▸ **Data in this exercise**:

Definition ex_out_of (p q : nat) : ex_out :=
  finfun (fun u : exT => Ordinal (ltn_pmod (nth 0 [:: p; q] u) (ex_cap_gt0 (ex_eT u)))).

Lemma ex_in_of_val i j k n :
  n < 3 -> ex_in_of i j k (o3 n) = nth 0 [:: i; j; k] n %% 2 :> nat.
Proof. by move=> lt_n3; rewrite ffunE /= ex_capS o3K. Qed.

Lemma ex_out_of_val p q n : n < 2 -> ex_out_of p q (o2 n) = nth 0 [:: p; q] n %% 3 :> nat.
Proof. by move=> lt_n2; rewrite ffunE /= ex_capT o2K. Qed.

Lemma ex_in_ofK : cancel (fun ijk : 'I_2 * 'I_2 * 'I_2 => ex_in_of ijk.1.1 ijk.1.2 ijk.2)
  (fun IS => (ex_in_coord IS s1, ex_in_coord IS s2, ex_in_coord IS s3)).
Proof.
move=> [[i j] k]; congr (_, _, _); apply: val_inj => /=;
  by rewrite ex_in_of_val //= modn_small.
Qed.

Lemma ex_in_ofV : cancel (fun IS => (ex_in_coord IS s1, ex_in_coord IS s2, ex_in_coord IS s3))
  (fun ijk : 'I_2 * 'I_2 * 'I_2 => ex_in_of ijk.1.1 ijk.1.2 ijk.2).
Proof.
move=> IS; apply/ffunP => u; apply: val_inj => /=; rewrite ffunE /= (o3E u).
by case: u => -[|[|[|//]]] ? /=; rewrite o3K //= modn_small.
Qed.

Lemma ex_in_of_bij : bijective (fun ijk : 'I_2 * 'I_2 * 'I_2 => ex_in_of ijk.1.1 ijk.1.2 ijk.2).
Proof. exact: Bijective ex_in_ofK ex_in_ofV. Qed.

Lemma card_ex_in : #|{: ex_in}| = 8.
Proof. by rewrite -(bij_eq_card ex_in_of_bij) !card_prod !card_ord. Qed.

Lemma sum_ex_in (R : nmodType) (G : ex_in -> R) :
  (\sum_IS G IS = \sum_(i < 2) \sum_(j < 2) \sum_(k < 2) G (ex_in_of i j k))%R.
Proof.
rewrite (pair_bigA _ (fun i j : 'I_2 => \sum_(k < 2) G (ex_in_of i j k))%R) /=.
rewrite (pair_bigA _ (fun (ij : 'I_2 * 'I_2) (k : 'I_2) => G (ex_in_of ij.1 ij.2 k))) /=.
rewrite (reindex (fun ijk : 'I_2 * 'I_2 * 'I_2 => ex_in_of ijk.1.1 ijk.1.2 ijk.2)) //.
exact: onW_bij ex_in_of_bij.
Qed.

Section UpperBound.
Variables (R : fieldType) (Tv : exV -> seq nat -> R).
Local Open Scope ring_scope.

Definition ex_v1_slice (j : 'I_2) : 'M[R]_2 := \matrix_(a, b) Tv v1 [:: j : nat; a : nat; b : nat].
Definition ex_v2_slice (p : 'I_3) : 'M[R]_2 := \matrix_(i, a) Tv v2 [:: a : nat; i : nat; p : nat].
Definition ex_v3_slice (q : 'I_3) : 'M[R]_2 := \matrix_(k, b) Tv v3 [:: b : nat; k : nat; q : nat].

Lemma ex_contraction_entry_mx IT IS :
  contraction_entry ex_vends Tv IT IS =
  (ex_v2_slice (ex_out_coord IT t1) *m ex_v1_slice (ex_in_coord IS s2) *m
     (ex_v3_slice (ex_out_coord IT t2))^T) (ex_in_coord IS s1) (ex_in_coord IS s3).
Proof.
rewrite ex_contraction_entryE mxE exchange_big; apply: eq_bigr => b _.
rewrite !mxE big_distrl; apply: eq_bigr => a _.
by rewrite !mxE /= [_ * Tv v2 _]mulrC.
Qed.

Lemma ex_rank_le7 :
  (\rank (contraction_matrix ex_cap ex_eS ex_eT ex_vends Tv) <= 7)%N.
Proof.
set M := contraction_matrix _ _ _ _ _.
have [X [j0 nzX] kerX] := exists_kernel_tensor ex_v1_slice ex_v2_slice ex_v3_slice.
pose x (IS : ex_in) := X (ex_in_coord IS s2) (ex_in_coord IS s1) (ex_in_coord IS s3).
pose v : 'rV_#|{: ex_in}| := \row_c x (enum_val c).
have nz_v : v != 0.
  have [i [k nzXik]] := matrix0Pn _ nzX.
  apply/rV0Pn; exists (enum_rank (ex_in_of i j0 k)); rewrite mxE enum_rankK /x.
  by case: (ex_in_ofK (i, j0, k)) => -> -> ->.
have vM0 : v *m M^T = 0.
  apply/rowP => r; rewrite !mxE.
  transitivity (\sum_IS x IS * contraction_entry ex_vends Tv (enum_val r) IS).
    by rewrite (big_enum_val (A := {: ex_in})) /=; apply: eq_bigr => c _; rewrite !mxE.
  rewrite sum_ex_in exchange_big /=.
  rewrite -[RHS](kerX (ex_out_coord (enum_val r) t1) (ex_out_coord (enum_val r) t2)).
  apply: eq_bigr => j _; rewrite mxtrace_trmx_mulE.
  apply: eq_bigr => i _; apply: eq_bigr => k _.
  by rewrite ex_contraction_entry_mx /x; case: (ex_in_ofK (i, j, k)) => -> -> ->.
by rewrite -ltnS -card_ex_in -(mxrank_tr M) (mxrank_ltn_rows nz_v vM0).
Qed.
End UpperBound.

(* The triples (i, j, k) other than (0, 1, 0). *)
Definition ex_sample_i (t : 'I_7) := nth 0 [:: 0; 1; 0; 1; 1; 0; 1] t.
Definition ex_sample_j (t : 'I_7) := nth 0 [:: 0; 0; 0; 0; 1; 1; 1] t.
Definition ex_sample_k (t : 'I_7) := nth 0 [:: 0; 0; 1; 1; 0; 1; 1] t.

Definition ex_sample_in (t : 'I_7) : ex_in :=
  ex_in_of (ex_sample_i t) (ex_sample_j t) (ex_sample_k t).
Definition ex_sample_out (t : 'I_7) : ex_out :=
  ex_out_of (ex_sample_j t + ex_sample_i t) (ex_sample_j t + ex_sample_k t).

Section LowerBound.
Variable R : fieldType.
Local Open Scope ring_scope.

Definition ex_copy_add (v : exV) (s : seq nat) : R :=
  if v == v1 then ((nth 0 s 0 == nth 0 s 1) && (nth 0 s 1 == nth 0 s 2))%:R
  else (nth 0 s 2 == (nth 0 s 0 + nth 0 s 1)%N)%:R.

Lemma ex_copy_add_entry (IT : ex_out) (IS : ex_in) :
  contraction_entry ex_vends ex_copy_add IT IS =
  ((IT t1 == (IS s2 + IS s1)%N :> nat) && (IT t2 == (IS s2 + IS s3)%N :> nat))%:R.
Proof.
have ne_v1 n : (0 < n < 3)%N -> (o3 n == v1) = false.
  by case/andP=> gt0_n lt_n3; rewrite -val_eqE /= !o3K // eqn0Ngt gt0_n.
rewrite ex_contraction_entryE !big_ord2 /ex_copy_add eqxx !ne_v1 //=.
have := ex_in_lt IS s2; case: (nat_of_ord (IS s2)) => [|[|//]] _ /=;
  rewrite ?(mul0r, mul1r, add0r, addr0);
  by case: (_ == _); case: (_ == _); rewrite ?(mul0r, mul1r).
Qed.

Lemma ex_copy_add_sample_entry (s t : 'I_7) :
  contraction_entry ex_vends ex_copy_add (ex_sample_out s) (ex_sample_in t) = (s == t)%:R.
Proof.
rewrite ex_copy_add_entry !ex_out_of_val // !ex_in_of_val //; congr (_%:R).
by case: s => -[|[|[|[|[|[|[|//]]]]]]] ?; case: t => -[|[|[|[|[|[|[|//]]]]]]] ?.
Qed.

Lemma ex_rank_ge7 : (7 <= \rank (contraction_matrix ex_cap ex_eS ex_eT ex_vends ex_copy_add))%N.
Proof.
set M := contraction_matrix _ _ _ _ _.
have idM : mxsub (enum_rank \o ex_sample_out) (enum_rank \o ex_sample_in) M = 1%:M.
  by apply/matrixP => s t; rewrite !mxE !enum_rankK ex_copy_add_sample_entry.
by rewrite -[X in (X <= _)%N](mxrank1 R 7) -idM mxrank_mxsub.
Qed.
End LowerBound.

Lemma ex_cut_prod (Sbar : {set node exS exT exV}) :
  \prod_(e in cut_set ex_ends Sbar) ex_cap e =
  \prod_(e < 7) (if ((ex_ends e).1 \in Sbar) != ((ex_ends e).2 \in Sbar) then ex_cap e else 1).
Proof. by rewrite big_mkcond; apply: eq_bigr => e _; rewrite inE. Qed.

Lemma ex_QMC : is_QMC ex_ends ex_cap 8.
Proof.
split.
  exists [set x : node exS exT exV | if x is inl (inl _) then true else false].
    by apply/andP; split; apply/forallP => u; rewrite inE.
  by rewrite ex_cut_prod !big_ord_recr big_ord0 /= !inE.
move=> Sbar /andP[/forallP inS /forallP notinT].
rewrite ex_cut_prod !big_ord_recr big_ord0 /= /ex_s /ex_t /ex_v !inS !(negbTE (notinT _)).
by case: (inr (o3 0) \in Sbar); case: (inr (o3 1) \in Sbar); case: (inr (o3 2) \in Sbar).
Qed.

Theorem mainTheorem9 (C : numClosedFieldType) :
  is_QMC ex_ends ex_cap 8 /\
  is_QMF C ex_cap ex_eS ex_eT ex_vends 7.
Proof.
split; first exact: ex_QMC.
split; last exact: ex_rank_le7.
by exists (ex_copy_add C); apply/eqP; rewrite eqn_leq ex_rank_le7 ex_rank_ge7.
Qed.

▸ **Exercise directions**:
Exactly how many lines of the material contain the word "congr"? Write the number alone.

▸ **Expected answer**:
2